National Oceanic and
Atmospheric Administration
United States Department of Commerce


FY 2024

Fractionation of iron and chromium isotopes in hydrothermal plumes from the northern Mid-Atlantic Ridge

Wang, W., A.J.M. Lough, H. Goring-Harford, O. Flanagan, D. González-Santana, J.A. Resing, D. Connelly, M.C. Lohan, A. Tagliabue, and R.H. James

Earth Planet. Sci. Lett., 624, 118468, doi: 10.1016/j.epsl.2023.118468, View open access article at Elsevier (external link) (2023)

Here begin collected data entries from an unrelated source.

(* Let $d,N,L\in\mathbb{N}$ with $d+2<N$, and let $W^{(0)}\in\mathbb{R}^{N\times d}$, $W^{(\ell)}\in\mathbb{R}^{N\times N}$ ($1\le\ell\le L-1$) and $b^{(0)},\dots,b^{(L-1)}\in\mathbb{R}^N$ be fixed. Let $\mathscr{D}=\{(D^{(L-1)}(x),\dots,D^{(0)}(x)):x\in\mathbb{R}^d\}$. Then $|\mathscr{D}|\le\left(\frac{eN}{d+1}\right)^{L(d+1)}$.
   Context: For $v\in\mathbb{R}^N$, $\Delta(v)$ is the $N\times N$ diagonal matrix with diagonal entries $\mathbb{1}_{v_i>0}$. For $x\in\mathbb{R}^d$ set $x^{(0)}=x$ and recursively $D^{(\ell)}(x)=\Delta(W^{(\ell)}x^{(\ell)}+b^{(\ell)})$, $x^{(\ell+1)}=\mathrm{ReLU}(W^{(\ell)}x^{(\ell)}+b^{(\ell)})$ for $0\le\ell<L$, where $\mathrm{ReLU}(t)=\max\{0,t\}$ componentwise. *)

From HB Require Import structures.
From mathcomp Require Import all_boot all_order all_algebra.
From mathcomp Require Import all_classical all_reals all_analysis.
Set Implicit Arguments. Unset Strict Implicit. Unset Printing Implicit Defensive.
Import Order.TTheory GRing.Theory Num.Theory.
Local Open Scope ring_scope.

Definition relu (R : realType) (n : nat) (v : 'cV[R]_n) : 'cV[R]_n :=
  map_mx (fun t => Num.max 0 t) v.

Definition Delta (R : realType) (n : nat) (v : 'cV[R]_n) : 'M[R]_n :=
  diag_mx (\row_i (if 0 < v i 0 then 1 else 0)).

(* Pre-activations z^(l) = W^(l) x^(l) + b^(l), with x^(0) = x and
   x^(l+1) = ReLU(z^(l)).  W0 is W^(0) (N x d); W l is W^(l) for l >= 1
   (W 0 is unused); b l is b^(l). *)
Fixpoint preact (R : realType) (d N : nat) (W0 : 'M[R]_(N, d))
  (W : nat -> 'M[R]_N) (b : nat -> 'cV[R]_N) (x : 'cV[R]_d) (l : nat)
  : 'cV[R]_N :=
  match l with
  | 0 => W0 *m x + b 0%N
  | l'.+1 => W l *m relu (preact W0 W b x l') + b l
  end.
(* Let $\alpha\in(0,1]$ and $\beta\in(0,\alpha)$. Every $K\in\mathcal{K}$ satisfies \[ |K(x,y)-K(x',y')|\le3\|K\|(|x-x'|+|y-y'|)^\beta . \] If $K,K'\in\mathcal{K}$, then $K+K'\in\mathcal{K}$ with $\|K+K'\|\le\|K\|+\|K'\|$, and (for compatible matrix sizes) $KK'\in\mathcal{K}$ with $\|KK'\|\le6\|K\|\|K'\|$. Finally, if $K\in\mathcal{K}$ is everywhere invertible and $|K^{-1}|\le h$ for some finite $h$, then $K^{-1}\in\mathcal{K}$ and $\|K^{-1}\|\le5\max(1,h^3)\max(1,\|K\|^3)$.
   Context: $\mathbb{R}^d=\mathbb{R}^{d_u}\times\mathbb{R}^{d_s}$ with points $(x,y)$; matrix norms are operator norms. $\mathcal{K}=\mathcal{K}^{\alpha,\beta}$ is the class of matrix-valued functions $K$ on $\mathbb{R}^d$ for which there is a constant $C$ such that for all $x,x'\in\mathbb{R}^{d_u}$ and $y,y'\in\mathbb{R}^{d_s}$: $|K(x,y)|\le C$; $|K(x,y)-K(x',y)|\le C|x-x'|^\beta$; $|K(x,y)-K(x,y')|\le C|y-y'|^\alpha$; and $|K(x,y)-K(x',y)-K(x,y')+K(x',y')|\le C|x-x'|^\beta|y-y'|^{\alpha-\beta}$. For $K\in\mathcal{K}$, $\|K\|$ is the smallest such $C$. *)

From HB Require Import structures.
From mathcomp Require Import all_boot all_order all_algebra.
From mathcomp Require Import classical_sets boolp reals exp.
Set Implicit Arguments. Unset Strict Implicit. Unset Printing Implicit Defensive.
Import Order.TTheory GRing.Theory Num.Theory.
Local Open Scope classical_set_scope.
Local Open Scope ring_scope.

(* Euclidean (Frobenius) norm of a matrix; on row/column vectors this is the
   Euclidean norm of R^n. *)
Definition enorm (R : realType) (p q : nat) (A : 'M[R]_(p, q)) : R :=
  Num.sqrt (\sum_(i < p) \sum_(j < q) A i j ^+ 2).

Definition opnorm (R : realType) (m n : nat) (A : 'M[R]_(m, n)) : R :=
  sup [set enorm (A *m v) | v in [set v : 'cV[R]_n | enorm v <= 1]].

(* Points of R^d = R^{du} x R^{ds} are pairs (x, y) of row vectors. *)
Definition Kbound (R : realType) (du ds m n : nat) (alpha beta : R)
  (K : 'rV[R]_du -> 'rV[R]_ds -> 'M[R]_(m, n)) (C : R) : Prop :=
  forall (x x' : 'rV[R]_du) (y y' : 'rV[R]_ds),
    [/\ opnorm (K x y) <= C,
        opnorm (K x y - K x' y) <= C * powR (enorm (x - x')) beta,
        opnorm (K x y - K x y') <= C * powR (enorm (y - y')) alpha
      & opnorm (K x y - K x' y - K x y' + K x' y')
          <= C * powR (enorm (x - x')) beta * powR (enorm (y - y')) (alpha - beta)].

Definition inK (R : realType) (du ds m n : nat) (alpha beta : R)
  (K : 'rV[R]_du -> 'rV[R]_ds -> 'M[R]_(m, n)) : Prop :=
  exists C, Kbound alpha beta K C.

Definition Knorm (R : realType) (du ds m n : nat) (alpha beta : R)
  (K : 'rV[R]_du -> 'rV[R]_ds -> 'M[R]_(m, n)) : R :=
  inf [set C | Kbound alpha beta K C].

From HB Require Import structures.
From mathcomp Require Import all_boot all_order all_algebra.
From mathcomp Require Import classical_sets boolp reals exp.
From mathcomp Require Import ring lra.
Import Order.TTheory GRing.Theory Num.Theory.
Local Open Scope ring_scope.

Set Implicit Arguments.
Unset Strict Implicit.

(* The operator norm is subadditive and submultiplicative, so each of the four
   estimates defining the class, for a sum, a product or an inverse, follows by
   splitting the relevant first or mixed second difference algebraically (a
   product rule, and [A^-1 - B^-1 = A^-1 (B - A) B^-1] for inverses) into terms
   controlled by the estimates for the factors. The only analytic input is that
   the two bounds [2 ||K||] and [||K|| |y - y'|^alpha] on [K x y - K x y']
   combine into [2 ||K|| |y - y'|^gamma] for every [0 < gamma <= alpha], used
   with [gamma = alpha - beta] and [gamma = beta]. Finally [||K||] is itself an
   admissible constant, since every estimate is a closed condition on it. *)

Section MatrixNorms.
Variable R : realType.

Lemma sumr_sqr_ge0 (I : finType) (F : I -> R) : 0 <= \sum_i F i ^+ 2.
Proof. by apply: sumr_ge0 => i _; exact: sqr_ge0. Qed.

(* The quadratic t |-> sum_i (t F i + G i)^2 is nonnegative; evaluate it at its minimum. *)
Lemma sum_mul_sqr_le (I : finType) (F G : I -> R) :
  (\sum_i F i * G i) ^+ 2 <= (\sum_i F i ^+ 2) * (\sum_i G i ^+ 2).
Proof.
set a := \sum_i F i ^+ 2; set b := \sum_i G i ^+ 2; set c := \sum_i F i * G i.
have quad_ge0 t : 0 <= t ^+ 2 * a + (2 * t) * c + b.
  have -> : t ^+ 2 * a + (2 * t) * c + b = \sum_i (t * F i + G i) ^+ 2.
    rewrite /a /b /c !mulr_sumr -!big_split /=; apply: eq_bigr => i _; ring.
  exact: sumr_sqr_ge0.
have [a0|an0] := eqVneq a 0.
  have F0 i : F i = 0.
    apply/eqP; rewrite -sqrf_eq0; apply/eqP.
    by apply: (psumr_eq0P _ a0) => // j _; exact: sqr_ge0.
  by rewrite /c big1 ?expr0n ?mulr_ge0 ?sumr_sqr_ge0 // => i _; rewrite F0 mul0r.
have a_gt0 : 0 < a by rewrite lt_neqAle eq_sym an0 sumr_sqr_ge0.
have := quad_ge0 (- c / a).
have -> : (- c / a) ^+ 2 * a + 2 * (- c / a) * c + b = (a * b - c ^+ 2) / a.
  by field; rewrite an0.
by rewrite pmulr_lge0 ?invr_gt0 // subr_ge0 mulrC.
Qed.

Lemma enorm_col n (v : 'cV[R]_n) : enorm v = Num.sqrt (\sum_i v i ord0 ^+ 2).
Proof. by rewrite /enorm; congr Num.sqrt; apply: eq_bigr => i _; rewrite big_ord1. Qed.

Lemma enorm_ge0 p q (A : 'M[R]_(p, q)) : 0 <= enorm A.
Proof. exact: sqrtr_ge0. Qed.

Lemma enorm0 p q : enorm (0 : 'M[R]_(p, q)) = 0.
Proof.
by rewrite /enorm big1 ?sqrtr0 // => i _; rewrite big1 // => j _; rewrite mxE expr0n.
Qed.

Lemma enormZ n c (v : 'cV[R]_n) : enorm (c *: v) = `|c| * enorm v.
Proof.
rewrite !enorm_col -sqrtr_sqr -sqrtrM ?sqr_ge0 //; congr Num.sqrt.
by rewrite mulr_sumr; apply: eq_bigr => i _; rewrite mxE; ring.
Qed.

Lemma enormD n (u v : 'cV[R]_n) : enorm (u + v) <= enorm u + enorm v.
Proof.
rewrite !enorm_col.
set a := \sum_i u i ord0 ^+ 2; set b := \sum_i v i ord0 ^+ 2.
set c := \sum_i u i ord0 * v i ord0.
have a0 : 0 <= a by exact: sumr_sqr_ge0.
have b0 : 0 <= b by exact: sumr_sqr_ge0.
have -> : \sum_i (u + v) i ord0 ^+ 2 = a + 2 * c + b.
  rewrite /a /b /c mulr_sumr -!big_split /=.
  by apply: eq_bigr => i _; rewrite mxE; ring.
have c_le : c <= Num.sqrt a * Num.sqrt b.
  rewrite -sqrtrM // (le_trans (ler_norm c)) // -sqrtr_sqr ler_sqrt ?mulr_ge0 //.
  exact: sum_mul_sqr_le.
have s0 : 0 <= Num.sqrt a + Num.sqrt b by rewrite addr_ge0 ?sqrtr_ge0.
rewrite -(ger0_norm s0) -sqrtr_sqr ler_sqrt ?sqr_ge0 // sqrrD !sqr_sqrtr //.
lra.
Qed.

Lemma enorm_mulmx_le m n (A : 'M[R]_(m, n)) (v : 'cV[R]_n) :
  enorm (A *m v) <= enorm A * enorm v.
Proof.
have A0 : 0 <= \sum_i \sum_j A i j ^+ 2 by apply: sumr_ge0 => i _; exact: sumr_sqr_ge0.
rewrite !enorm_col /enorm -sqrtrM // ler_sqrt ?mulr_ge0 ?sumr_sqr_ge0 //.
by rewrite mulr_suml; apply: ler_sum => i _; rewrite mxE; exact: sum_mul_sqr_le.
Qed.

Local Open Scope classical_set_scope.

Lemma enorm_mulmx_le_opnorm m n (A : 'M[R]_(m, n)) (v : 'cV[R]_n) :
  enorm v <= 1 -> enorm (A *m v) <= opnorm A.
Proof.
move=> v1; apply: ub_le_sup; last by exists v.
exists (enorm A) => _ [w /= w1 <-].
by rewrite (le_trans (enorm_mulmx_le A w)) // ler_piMr ?enorm_ge0.
Qed.

Lemma opnorm_le m n (A : 'M[R]_(m, n)) c :
  (forall v : 'cV[R]_n, enorm v <= 1 -> enorm (A *m v) <= c) -> opnorm A <= c.
Proof.
move=> Ac; apply: ge_sup => [|_ [v /= v1 <-]]; last exact: Ac.
by exists (enorm (A *m (0 : 'cV[R]_n))), 0 => //=; rewrite enorm0.
Qed.

Lemma opnorm_ge0 m n (A : 'M[R]_(m, n)) : 0 <= opnorm A.
Proof.
by rewrite (le_trans (enorm_ge0 (A *m (0 : 'cV[R]_n)))) // enorm_mulmx_le_opnorm // enorm0.
Qed.

Lemma enorm_mulmx_opnorm m n (A : 'M[R]_(m, n)) (v : 'cV[R]_n) :
  enorm (A *m v) <= opnorm A * enorm v.
Proof.
have [v0|vn0] := eqVneq (enorm v) 0.
  by rewrite v0 mulr0 (le_trans (enorm_mulmx_le A v)) // v0 mulr0.
have v_gt0 : 0 < enorm v by rewrite lt_neqAle eq_sym vn0 enorm_ge0.
have := enorm_mulmx_le_opnorm A (v := (enorm v)^-1 *: v).
rewrite enormZ -scalemxAr enormZ ger0_norm ?invr_ge0 ?enorm_ge0 // mulVf //.
by move=> /(_ (lexx _)); rewrite -(ler_pM2r v_gt0) mulrAC mulVf // mul1r.
Qed.

Lemma opnormD m n (A B : 'M[R]_(m, n)) : opnorm (A + B) <= opnorm A + opnorm B.
Proof.
apply: opnorm_le => v v1; rewrite mulmxDl (le_trans (enormD _ _)) //.
by rewrite lerD // enorm_mulmx_le_opnorm.
Qed.

Lemma opnormN m n (A : 'M[R]_(m, n)) : opnorm (- A) = opnorm A.
Proof.
have opnormN_le (B : 'M[R]_(m, n)) : opnorm (- B) <= opnorm B.
  apply: opnorm_le => v v1; rewrite mulNmx -scaleN1r enormZ normrN1 mul1r.
  exact: enorm_mulmx_le_opnorm.
by apply/eqP; rewrite eq_le opnormN_le -{1}[A]opprK opnormN_le.
Qed.

Lemma opnormB m n (A B : 'M[R]_(m, n)) : opnorm (A - B) <= opnorm A + opnorm B.
Proof. by rewrite -(opnormN B) opnormD. Qed.

Lemma opnorm_distC m n (A B : 'M[R]_(m, n)) : opnorm (A - B) = opnorm (B - A).
Proof. by rewrite -opnormN opprB. Qed.

Lemma opnormM m n p (A : 'M[R]_(m, n)) (B : 'M[R]_(n, p)) :
  opnorm (A *m B) <= opnorm A * opnorm B.
Proof.
apply: opnorm_le => v v1; rewrite -mulmxA (le_trans (enorm_mulmx_opnorm _ _)) //.
rewrite ler_wpM2l ?opnorm_ge0 // (le_trans (enorm_mulmx_opnorm _ _)) //.
by rewrite ler_piMr ?opnorm_ge0.
Qed.

Lemma opnorm_mulmx_le m n p (A : 'M[R]_(m, n)) (B : 'M[R]_(n, p)) a b :
  opnorm A <= a -> opnorm B <= b -> opnorm (A *m B) <= a * b.
Proof. by move=> Aa Bb; rewrite (le_trans (opnormM _ _)) // ler_pM ?opnorm_ge0. Qed.

End MatrixNorms.

Section RealFacts.
Variable R : realType.
Local Open Scope classical_set_scope.

Lemma le_inf_mulr (S : set R) (f t : R) : S !=set0 -> has_lbound S -> 0 <= t ->
  (forall C, S C -> f <= C * t) -> f <= inf S * t.
Proof.
move=> S0 Slb t0 fS; apply/ler_addgt0Pr => e e0.
have t1 : 0 < t + 1 by rewrite ltr_wpDl.
have [C SC Ce] := inf_adherent (divr_gt0 e0 t1) (conj S0 Slb).
rewrite (le_trans (fS C SC)) // (le_trans (ler_wpM2r t0 (ltW Ce))) // mulrDl lerD2l.
rewrite -{2}(divfK (lt0r_neq0 t1) e) ler_wpM2l ?divr_ge0 ?ltW //.
by rewrite ltrDl.
Qed.

(* Interpolation between the bounds [2 C] (good for [b > 1]) and [C b^r] (good for [b <= 1]). *)
Lemma le_powR_interp (f C b r g : R) : 0 < g <= r -> 0 <= C -> 0 <= b ->
  f <= 2 * C -> f <= C * powR b r -> f <= 2 * C * powR b g.
Proof.
move=> /andP[g0 gr] C0 b0 f2C fCb.
have [b1|b1] := lerP b 1.
  have brg : powR b r <= powR b g.
    have [->|bn0] := eqVneq b 0; first by rewrite !powR0 ?gt_eqF // (lt_le_trans g0).
    by apply: ger_powR; rewrite // b1 andbT lt_neqAle eq_sym bn0.
  have := ler_wpM2l C0 brg; have := mulr_ge0 C0 (powR_ge0 b g); lra.
apply: (le_trans f2C); rewrite ler_peMr ?mulr_ge0 //.
by rewrite -(powRr0 b) ler_powR ?ltW.
Qed.

Lemma max1_ge1 (x : R) : 1 <= Num.max 1 x.
Proof. by rewrite le_max lexx. Qed.

Lemma le_max1_cube (x : R) : 0 <= x -> x <= Num.max 1 (x ^+ 3).
Proof.
move=> x0; rewrite le_max; have [//|x1] := lerP x 1.
by rewrite ler_eXnr // ltW.
Qed.

Lemma sqr_le_max1_cube (x : R) : 0 <= x -> x ^+ 2 <= Num.max 1 (x ^+ 3).
Proof.
move=> x0; rewrite le_max; have [x1|x1] := lerP x 1; first by rewrite exprn_ile1.
by apply/orP; right; rewrite (exprS x 2) ler_peMl ?exprn_ge0 // ltW.
Qed.

End RealFacts.

Lemma subr_trans (V : zmodType) (a b c : V) : a - b + (b - c) = a - c.
Proof. by rewrite addrA subrK. Qed.

Lemma subrBBD (V : zmodType) (a b c d : V) : a - b - c + d = (a - b) - (c - d).
Proof. by rewrite opprB addrA addrAC. Qed.

Lemma subrDD (V : zmodType) (a a' b b' : V) : (a + a') - (b + b') = (a - b) + (a' - b').
Proof. by rewrite opprD addrACA. Qed.

Lemma addr_mixed_diff (V : zmodType) (a1 a2 a3 a4 b1 b2 b3 b4 : V) :
  (a1 + b1) - (a2 + b2) - (a3 + b3) + (a4 + b4) =
    (a1 - a2 - a3 + a4) + (b1 - b2 - b3 + b4).
Proof. by rewrite (subrDD a1) (subrDD (a1 - a2)) addrACA. Qed.

Lemma mulmxBBl (R : pzRingType) m n p (A B : 'M[R]_(m, n)) (C D : 'M[R]_(n, p)) :
  A *m C - B *m D = (A - B) *m C + B *m (C - D).
Proof. by rewrite mulmxBl mulmxBr subr_trans. Qed.

Lemma mulmxBBr (R : pzRingType) m n p (A B : 'M[R]_(m, n)) (C D : 'M[R]_(n, p)) :
  A *m C - B *m D = A *m (C - D) + (A - B) *m D.
Proof. by rewrite mulmxBr mulmxBl subr_trans. Qed.

Lemma mulmx_mixed_diff (R : pzRingType) m n p (A1 A2 A3 A4 : 'M[R]_(m, n)) (B1 B2 B3 B4 : 'M[R]_(n, p)) :
  A1 *m B1 - A2 *m B2 - A3 *m B3 + A4 *m B4 =
    ((A1 - A2) - (A3 - A4)) *m B1 + (A3 - A4) *m (B1 - B3)
    + (A2 *m ((B1 - B2) - (B3 - B4)) + (A2 - A4) *m (B3 - B4)).
Proof.
rewrite subrBBD (mulmxBBl A1) (mulmxBBl A3) opprD addrACA.
by rewrite (mulmxBBl (A1 - A2)) (mulmxBBr A2 A4 (B1 - B2)).
Qed.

Hydrothermal venting impacts the global-scale biogeochemical cycles of many trace metals and their isotopes. Processes in hydrothermal plumes regulate the dispersal of vent-derived metals and may vary in response to differences in the geologic setting of vent fields and/or the geochemistry of the overlying ocean water. Here we present results of analyses of dissolved Fe and Cr concentrations, and dissolved Fe isotope (δ56Fe) and Cr isotope (δ53Cr) distributions, in seawater samples collected from above TAG and Rainbow vent sites on the Mid-Atlantic Ridge during the GEOTRACES GA13 cruise. We show that profiles of dissolved Fe and Cr isotopes through the near-field hydrothermal plumes are the mirror image of each other. Oxidation of Fe(II) and precipitation of Fe-(oxyhydr)oxides account for the low δ56Fe values of dissolved Fe, as low as −1.83 ‰ at TAG and −6.94 ‰ at Rainbow. Plume samples with low δ56Fe values are associated with elevated δ53Cr values of dissolved Cr compared to background seawater (by up to +0.14 ‰ and +0.69 ‰ at TAG and Rainbow, respectively), while particulate Cr is characterised by relatively low δ53Cr values (−1.02 to −1.22 ‰). This striking result suggests that seawater Cr(VI) is reduced to Cr(III) and precipitates on the surface of Fe(III) particles within the hydrothermal plume. Reduction of Cr(VI) and scavenging of Cr(III) by plume Fe-(oxyhydr)oxide particles mean that high-temperature hydrothermal systems are likely a net sink for seawater Cr at Rainbow (and also at TAG). As the removal flux of Cr is related to the flux of hydrothermal Fe(II) and the rate of Fe(II) oxidation in the hydrothermal plume, it may (i) vary across vent sites at a global scale and (ii) change over glacial-interglacial cycles.